California Assembly Passes Health Insurance Rate Regulation Bill 44-7

Legislation To Rein In Health Insurance Premiums Could Save Californians Billions

SANTA MONICA, Calif., June 2, 2011 /PRNewswire-USNewswire/ -- With only seven lawmakers voting against the hotly contested measure, the California Assembly has passed AB 52 (Feuer), which would subject health insurance companies to the same kind of vigorous rate regulation currently in place for auto and homeowners insurance companies in California. Prior to the vote the entire Republican caucus walked off the floor of the Assembly, and the only Democrats who spoke against the bill, Assemblymen Calderon and Solorio, did not vote on the measure. At last count, 44 Democrats voted in support of the bill; six Republicans and one Democrat were the only lawmakers to vote with the insurance lobby opposing the bill. The remaining Assembly members abstained.

"Californians want health insurance companies to be reined in and regulated, and California lawmakers know that," said Consumer Watchdog's Executive Director Doug Heller. "Even the politicians siding with the insurance industry did not want to register a no vote that would make their constituents wonder why they voted against health insurance reform."

AB 52 would require insurance companies to get permission before implementing any hike and would allow state regulators to deny or modify rate changes determined to be excessive. The bill would enact rules similar to Proposition 103, which requires the Insurance Commissioner to regulate auto and other property/casualty insurance rates. Under those rules California motorists have saved more than $62 billion on their auto coverage over the past two decades, according to a 2008 report by the Consumer Federation of America.

"Californians have no reason to believe that insurance companies will stop ripping us off voluntarily," said Doug Heller, Executive Director of the nonprofit Consumer Watchdog. "State regulators should have the power to block excessive health insurance rates, and, today, California lawmakers took a huge step in that direction. We applaud Assemblyman Mike Feuer and the Assembly leadership for their tireless effort to pass the most significant consumer protection law of the year."

Over the past year, health insurance policyholders in California have seen massive rate hikes, even as medical inflation has been fairly low. Consumer Watchdog noted that these skyrocketing rates have coincided with ever-increasing profits for insurance companies.
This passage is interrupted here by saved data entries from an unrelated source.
(* Let $S$ and $A$ be nonempty Borel spaces and $q(dy|x,a)$ a signed kernel as in the context, and suppose that (b) for each bounded continuous $f$ on $S$, $(x,a)\mapsto\int_S f(y)\tilde q(dy|x,a)/q_x(a)$ is continuous on $S\times A$, and (c) $(x,a)\mapsto q_x(a)$ is continuous on $S\times A$. Then: (a) for each lower semicontinuous function $c:S\times A\to[0,\infty]$, the function $(x,a)\mapsto c(x,a)/q_x(a)$ is lower semicontinuous on $S\times A$; and for each bounded continuous function $f$ on $S$, $(x,a)\mapsto\int_S f(y)q(dy|x,a)$ is continuous on $S\times A$; (b) for each lower semicontinuous function $f:S\to[0,\infty]$, the function $(x,a)\mapsto\int_S f(y)\tilde q(dy|x,a)\in[0,\infty]$ is lower semicontinuous on $S\times A$.
   Context: $S$ and $A$ are nonempty Borel spaces (metrizable), and $q(dy|x,a)$ is a signed kernel on $\mathcal B(S)$ given $(x,a)\in S\times A$ such that $\tilde q(\Gamma|x,a):=q(\Gamma\setminus\{x\}|x,a)\ge0$ for all $\Gamma\in\mathcal B(S)$, $q(S|x,a)=0$, and, with $q_x(a):=-q(\{x\}|x,a)\ge0$, $\sup_{a\in A}q_x(a)<\infty$ for each $x\in S$. Conventions: $0/0:=0$, $0\cdot\infty:=0$, $c/0:=+\infty$ for $c>0$. *)

From HB Require Import structures.
From mathcomp Require Import all_boot all_order all_algebra.
From mathcomp Require Import all_classical all_reals all_analysis.
From mathcomp Require Import measurable_realfun.

Set Implicit Arguments.
Unset Strict Implicit.
Unset Printing Implicit Defensive.

Import Order.TTheory GRing.Theory Num.Theory.
Import numFieldNormedType.Exports.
AB 52 authorizes insurance regulators to review insurance company profits and overhead as well as company projections about future health care costs in order to determine whether or not to allow a rate increase to take effect. It also allows members of the public to challenge proposed rate hikes. Not surprisingly, Anthem Blue Cross and other insurance companies aggressively lobbied to defeat AB 52, but lawmakers showed today that the status quo is unbearable for California consumers and reforms are needed. In 2014, federal law will require all Californians to purchase health insurance, making the oversight and regulation of insurance rates even more urgent.

"Over the last few years investigations have found insurers overestimating future medical costs and padding premiums. If we're going to force everyone to buy insurance, we better make sure the companies that sell it aren't allowed to gouge us," said Consumer Watchdog's Heller.